* **Extracted data**:

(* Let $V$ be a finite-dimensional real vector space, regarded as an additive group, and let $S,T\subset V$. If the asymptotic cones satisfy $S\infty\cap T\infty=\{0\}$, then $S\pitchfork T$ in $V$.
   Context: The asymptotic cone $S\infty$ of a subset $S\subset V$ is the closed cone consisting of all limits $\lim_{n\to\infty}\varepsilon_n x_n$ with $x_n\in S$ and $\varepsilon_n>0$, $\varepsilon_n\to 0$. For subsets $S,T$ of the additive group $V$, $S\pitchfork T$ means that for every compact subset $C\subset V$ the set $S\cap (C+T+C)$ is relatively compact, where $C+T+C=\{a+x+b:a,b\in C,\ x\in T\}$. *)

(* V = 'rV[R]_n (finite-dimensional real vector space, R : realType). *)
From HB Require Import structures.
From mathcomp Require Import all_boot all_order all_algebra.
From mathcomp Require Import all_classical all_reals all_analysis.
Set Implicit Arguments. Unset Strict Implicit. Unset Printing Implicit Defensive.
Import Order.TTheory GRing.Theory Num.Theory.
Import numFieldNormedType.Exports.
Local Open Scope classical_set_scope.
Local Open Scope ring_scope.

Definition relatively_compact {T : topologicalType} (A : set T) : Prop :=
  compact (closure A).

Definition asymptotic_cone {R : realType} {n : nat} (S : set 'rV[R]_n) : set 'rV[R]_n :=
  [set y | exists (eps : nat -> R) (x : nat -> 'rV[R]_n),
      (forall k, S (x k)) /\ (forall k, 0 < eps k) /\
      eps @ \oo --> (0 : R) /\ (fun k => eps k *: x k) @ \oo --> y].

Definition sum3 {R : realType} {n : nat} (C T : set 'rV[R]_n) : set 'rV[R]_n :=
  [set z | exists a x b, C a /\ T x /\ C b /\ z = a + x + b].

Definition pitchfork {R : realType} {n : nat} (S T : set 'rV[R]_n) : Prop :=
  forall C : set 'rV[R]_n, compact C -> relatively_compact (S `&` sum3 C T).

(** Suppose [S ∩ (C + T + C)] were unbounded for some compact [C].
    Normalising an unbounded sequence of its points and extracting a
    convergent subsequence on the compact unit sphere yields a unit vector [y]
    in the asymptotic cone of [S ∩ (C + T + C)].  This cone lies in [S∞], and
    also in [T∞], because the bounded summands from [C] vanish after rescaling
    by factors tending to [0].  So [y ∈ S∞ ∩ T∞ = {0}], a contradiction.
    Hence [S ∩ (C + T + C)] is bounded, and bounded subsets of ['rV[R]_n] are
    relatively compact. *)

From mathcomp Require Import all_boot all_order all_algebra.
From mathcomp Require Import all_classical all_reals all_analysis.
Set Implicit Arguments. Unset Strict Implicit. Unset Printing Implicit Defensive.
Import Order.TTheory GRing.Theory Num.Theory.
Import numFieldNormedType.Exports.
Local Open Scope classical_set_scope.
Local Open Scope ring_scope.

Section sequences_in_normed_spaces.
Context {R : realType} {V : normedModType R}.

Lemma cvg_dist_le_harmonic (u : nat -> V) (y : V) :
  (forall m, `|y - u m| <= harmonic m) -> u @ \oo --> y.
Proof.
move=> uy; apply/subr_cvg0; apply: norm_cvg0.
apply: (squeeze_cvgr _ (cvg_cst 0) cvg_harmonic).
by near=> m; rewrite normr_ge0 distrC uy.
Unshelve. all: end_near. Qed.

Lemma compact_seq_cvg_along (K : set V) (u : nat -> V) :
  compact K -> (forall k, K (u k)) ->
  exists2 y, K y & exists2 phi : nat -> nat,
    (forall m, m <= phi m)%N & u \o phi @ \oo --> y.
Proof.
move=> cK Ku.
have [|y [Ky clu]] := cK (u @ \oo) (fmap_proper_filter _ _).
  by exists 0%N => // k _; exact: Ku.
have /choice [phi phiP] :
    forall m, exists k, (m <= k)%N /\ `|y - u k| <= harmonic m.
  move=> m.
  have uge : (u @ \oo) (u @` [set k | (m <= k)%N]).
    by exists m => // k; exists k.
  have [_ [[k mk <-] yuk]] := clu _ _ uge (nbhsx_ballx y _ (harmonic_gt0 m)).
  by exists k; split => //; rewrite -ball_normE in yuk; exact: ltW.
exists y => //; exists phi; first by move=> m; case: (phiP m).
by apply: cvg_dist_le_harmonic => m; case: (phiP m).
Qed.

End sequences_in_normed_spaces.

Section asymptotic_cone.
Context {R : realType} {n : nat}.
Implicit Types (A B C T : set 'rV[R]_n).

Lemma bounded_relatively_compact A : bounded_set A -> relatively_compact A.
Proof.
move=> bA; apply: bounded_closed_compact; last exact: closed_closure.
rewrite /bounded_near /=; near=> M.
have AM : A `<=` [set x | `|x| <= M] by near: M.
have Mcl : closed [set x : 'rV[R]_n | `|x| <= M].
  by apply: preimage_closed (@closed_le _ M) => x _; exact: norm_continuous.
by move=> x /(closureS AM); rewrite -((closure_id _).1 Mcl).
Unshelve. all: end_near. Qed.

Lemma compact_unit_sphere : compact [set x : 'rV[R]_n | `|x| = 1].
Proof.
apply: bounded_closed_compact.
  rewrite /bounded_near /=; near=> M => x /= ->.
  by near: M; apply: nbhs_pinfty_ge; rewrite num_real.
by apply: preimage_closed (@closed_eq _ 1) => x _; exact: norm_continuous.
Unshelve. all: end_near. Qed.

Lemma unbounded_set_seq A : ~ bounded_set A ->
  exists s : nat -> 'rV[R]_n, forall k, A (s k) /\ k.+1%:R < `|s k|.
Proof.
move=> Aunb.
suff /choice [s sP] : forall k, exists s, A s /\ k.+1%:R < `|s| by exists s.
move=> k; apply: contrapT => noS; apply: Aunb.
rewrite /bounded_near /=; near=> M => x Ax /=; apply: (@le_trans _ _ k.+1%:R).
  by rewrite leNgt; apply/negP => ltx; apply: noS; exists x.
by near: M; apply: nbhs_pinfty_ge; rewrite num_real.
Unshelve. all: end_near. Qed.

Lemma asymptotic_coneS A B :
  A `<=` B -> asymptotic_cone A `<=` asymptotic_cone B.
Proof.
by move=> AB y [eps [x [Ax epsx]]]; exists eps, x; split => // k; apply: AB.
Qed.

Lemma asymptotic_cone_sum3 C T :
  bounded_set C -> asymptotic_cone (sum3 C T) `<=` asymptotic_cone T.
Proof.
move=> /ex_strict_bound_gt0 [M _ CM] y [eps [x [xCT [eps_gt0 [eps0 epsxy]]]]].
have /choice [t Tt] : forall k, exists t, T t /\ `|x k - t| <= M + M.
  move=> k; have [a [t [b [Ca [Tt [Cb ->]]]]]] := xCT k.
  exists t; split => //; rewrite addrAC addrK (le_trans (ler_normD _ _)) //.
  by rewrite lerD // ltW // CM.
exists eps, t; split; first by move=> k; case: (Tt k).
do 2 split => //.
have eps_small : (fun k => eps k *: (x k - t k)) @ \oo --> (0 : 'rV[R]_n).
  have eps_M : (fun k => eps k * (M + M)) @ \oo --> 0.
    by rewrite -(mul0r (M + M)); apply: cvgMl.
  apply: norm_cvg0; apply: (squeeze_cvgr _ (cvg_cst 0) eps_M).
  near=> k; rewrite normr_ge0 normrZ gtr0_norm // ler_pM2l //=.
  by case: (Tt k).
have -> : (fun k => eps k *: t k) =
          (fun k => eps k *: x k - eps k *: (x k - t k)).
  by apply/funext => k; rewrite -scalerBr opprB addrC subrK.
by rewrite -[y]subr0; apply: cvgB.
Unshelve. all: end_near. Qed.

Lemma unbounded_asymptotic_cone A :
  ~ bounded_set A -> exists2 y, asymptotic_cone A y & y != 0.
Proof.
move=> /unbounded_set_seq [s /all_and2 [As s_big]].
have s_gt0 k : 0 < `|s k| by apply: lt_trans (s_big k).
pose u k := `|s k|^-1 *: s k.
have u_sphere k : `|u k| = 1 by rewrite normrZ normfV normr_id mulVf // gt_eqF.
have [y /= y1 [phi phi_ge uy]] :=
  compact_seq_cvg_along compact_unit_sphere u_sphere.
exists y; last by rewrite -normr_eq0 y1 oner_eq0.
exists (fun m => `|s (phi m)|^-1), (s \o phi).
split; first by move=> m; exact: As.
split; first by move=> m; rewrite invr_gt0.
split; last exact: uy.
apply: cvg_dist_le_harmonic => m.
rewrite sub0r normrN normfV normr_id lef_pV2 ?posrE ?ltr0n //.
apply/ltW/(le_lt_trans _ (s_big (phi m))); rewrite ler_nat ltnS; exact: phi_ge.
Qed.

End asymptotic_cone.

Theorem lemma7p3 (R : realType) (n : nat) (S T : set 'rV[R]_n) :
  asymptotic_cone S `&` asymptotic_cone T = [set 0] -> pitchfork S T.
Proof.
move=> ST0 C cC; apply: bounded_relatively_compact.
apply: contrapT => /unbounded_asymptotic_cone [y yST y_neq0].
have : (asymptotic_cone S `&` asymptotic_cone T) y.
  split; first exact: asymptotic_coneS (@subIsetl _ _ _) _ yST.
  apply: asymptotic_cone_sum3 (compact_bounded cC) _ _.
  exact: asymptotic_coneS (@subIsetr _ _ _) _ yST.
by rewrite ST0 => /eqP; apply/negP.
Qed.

---

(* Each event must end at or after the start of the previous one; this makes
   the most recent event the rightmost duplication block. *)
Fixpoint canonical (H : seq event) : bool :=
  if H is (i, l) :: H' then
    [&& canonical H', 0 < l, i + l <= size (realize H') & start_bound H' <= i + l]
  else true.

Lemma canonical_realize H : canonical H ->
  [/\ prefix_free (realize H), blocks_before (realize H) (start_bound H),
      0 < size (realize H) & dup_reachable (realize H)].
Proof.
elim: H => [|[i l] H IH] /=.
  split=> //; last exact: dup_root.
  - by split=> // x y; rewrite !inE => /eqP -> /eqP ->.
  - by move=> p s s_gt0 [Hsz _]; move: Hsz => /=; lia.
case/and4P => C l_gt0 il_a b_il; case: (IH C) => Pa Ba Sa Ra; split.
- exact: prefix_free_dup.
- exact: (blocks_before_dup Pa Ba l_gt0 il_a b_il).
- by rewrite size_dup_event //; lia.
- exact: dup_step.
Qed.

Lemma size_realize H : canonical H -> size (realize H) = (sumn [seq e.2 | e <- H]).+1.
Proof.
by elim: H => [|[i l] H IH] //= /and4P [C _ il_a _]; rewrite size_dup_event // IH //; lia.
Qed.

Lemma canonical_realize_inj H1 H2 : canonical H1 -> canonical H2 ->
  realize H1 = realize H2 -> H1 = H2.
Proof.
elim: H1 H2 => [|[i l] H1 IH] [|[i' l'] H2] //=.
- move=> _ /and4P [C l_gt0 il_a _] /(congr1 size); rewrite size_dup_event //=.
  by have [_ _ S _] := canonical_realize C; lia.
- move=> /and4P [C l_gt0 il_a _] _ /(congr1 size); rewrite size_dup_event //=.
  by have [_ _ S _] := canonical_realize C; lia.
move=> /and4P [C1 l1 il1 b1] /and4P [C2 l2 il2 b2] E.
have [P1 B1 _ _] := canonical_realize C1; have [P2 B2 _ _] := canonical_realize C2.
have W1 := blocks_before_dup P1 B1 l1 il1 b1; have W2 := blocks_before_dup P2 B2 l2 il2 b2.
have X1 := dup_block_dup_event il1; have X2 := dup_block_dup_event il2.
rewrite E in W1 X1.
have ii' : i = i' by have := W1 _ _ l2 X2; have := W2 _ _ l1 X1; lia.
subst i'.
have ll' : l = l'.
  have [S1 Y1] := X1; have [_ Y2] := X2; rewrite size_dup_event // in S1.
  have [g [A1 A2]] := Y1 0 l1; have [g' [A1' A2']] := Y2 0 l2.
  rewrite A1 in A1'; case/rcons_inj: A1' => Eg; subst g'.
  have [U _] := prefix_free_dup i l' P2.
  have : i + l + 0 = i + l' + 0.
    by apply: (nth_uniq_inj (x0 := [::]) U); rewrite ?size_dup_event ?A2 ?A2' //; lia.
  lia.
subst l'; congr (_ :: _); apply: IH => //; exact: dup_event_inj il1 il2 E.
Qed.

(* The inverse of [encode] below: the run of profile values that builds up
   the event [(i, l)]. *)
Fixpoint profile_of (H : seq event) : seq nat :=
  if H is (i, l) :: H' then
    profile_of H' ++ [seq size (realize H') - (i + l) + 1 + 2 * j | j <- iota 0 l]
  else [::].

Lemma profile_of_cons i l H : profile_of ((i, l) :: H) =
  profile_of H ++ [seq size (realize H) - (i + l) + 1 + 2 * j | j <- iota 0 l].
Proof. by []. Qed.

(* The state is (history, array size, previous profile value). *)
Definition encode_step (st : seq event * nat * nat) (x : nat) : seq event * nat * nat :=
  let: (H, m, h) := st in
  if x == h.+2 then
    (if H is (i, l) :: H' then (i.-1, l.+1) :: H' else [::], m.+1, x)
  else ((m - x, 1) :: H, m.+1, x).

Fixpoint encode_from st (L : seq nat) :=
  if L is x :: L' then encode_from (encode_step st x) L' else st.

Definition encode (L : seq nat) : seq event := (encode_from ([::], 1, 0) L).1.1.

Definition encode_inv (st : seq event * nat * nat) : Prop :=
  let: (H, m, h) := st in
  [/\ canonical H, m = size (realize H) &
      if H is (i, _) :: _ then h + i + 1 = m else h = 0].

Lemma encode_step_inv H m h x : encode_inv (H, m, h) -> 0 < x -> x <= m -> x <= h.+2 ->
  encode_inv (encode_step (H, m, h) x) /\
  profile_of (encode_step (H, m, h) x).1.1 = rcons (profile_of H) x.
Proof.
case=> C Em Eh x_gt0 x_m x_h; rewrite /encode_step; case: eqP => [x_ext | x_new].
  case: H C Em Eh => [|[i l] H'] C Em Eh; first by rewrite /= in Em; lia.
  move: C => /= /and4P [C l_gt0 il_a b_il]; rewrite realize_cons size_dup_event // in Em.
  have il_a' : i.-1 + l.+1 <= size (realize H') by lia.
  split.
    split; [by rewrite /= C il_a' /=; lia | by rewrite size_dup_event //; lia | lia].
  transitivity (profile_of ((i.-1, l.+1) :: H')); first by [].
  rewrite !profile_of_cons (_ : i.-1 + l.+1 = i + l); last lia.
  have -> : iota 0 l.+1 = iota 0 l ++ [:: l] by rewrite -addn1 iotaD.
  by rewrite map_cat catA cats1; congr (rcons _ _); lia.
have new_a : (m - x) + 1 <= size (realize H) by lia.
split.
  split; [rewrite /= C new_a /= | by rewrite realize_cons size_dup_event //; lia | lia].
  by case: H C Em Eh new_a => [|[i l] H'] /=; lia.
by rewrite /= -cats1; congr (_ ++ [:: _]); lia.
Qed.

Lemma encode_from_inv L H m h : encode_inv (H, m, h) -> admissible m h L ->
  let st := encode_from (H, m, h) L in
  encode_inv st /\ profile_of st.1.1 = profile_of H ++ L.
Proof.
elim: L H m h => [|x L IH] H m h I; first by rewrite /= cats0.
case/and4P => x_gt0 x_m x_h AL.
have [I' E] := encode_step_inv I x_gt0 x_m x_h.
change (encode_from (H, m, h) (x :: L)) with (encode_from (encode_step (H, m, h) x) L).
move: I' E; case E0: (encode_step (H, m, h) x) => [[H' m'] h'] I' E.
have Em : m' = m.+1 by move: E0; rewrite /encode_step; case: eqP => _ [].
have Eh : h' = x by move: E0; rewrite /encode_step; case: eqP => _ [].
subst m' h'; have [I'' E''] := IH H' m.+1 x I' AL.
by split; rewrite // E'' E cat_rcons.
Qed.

* **Work required**: Only one stretch of the entries above is wanted: the lines from the one containing "rewrite /bounded_near /=; near=> M => x /= ->." through the one containing "move=> k; apply: contrapT". Please reproduce it exactly.

* **Written reply**:
  rewrite /bounded_near /=; near=> M => x /= ->.
  by near: M; apply: nbhs_pinfty_ge; rewrite num_real.
by apply: preimage_closed (@closed_eq _ 1) => x _; exact: norm_continuous.
Unshelve. all: end_near. Qed.

Lemma unbounded_set_seq A : ~ bounded_set A ->
  exists s : nat -> 'rV[R]_n, forall k, A (s k) /\ k.+1%:R < `|s k|.
Proof.
move=> Aunb.
suff /choice [s sP] : forall k, exists s, A s /\ k.+1%:R < `|s| by exists s.
move=> k; apply: contrapT => noS; apply: Aunb.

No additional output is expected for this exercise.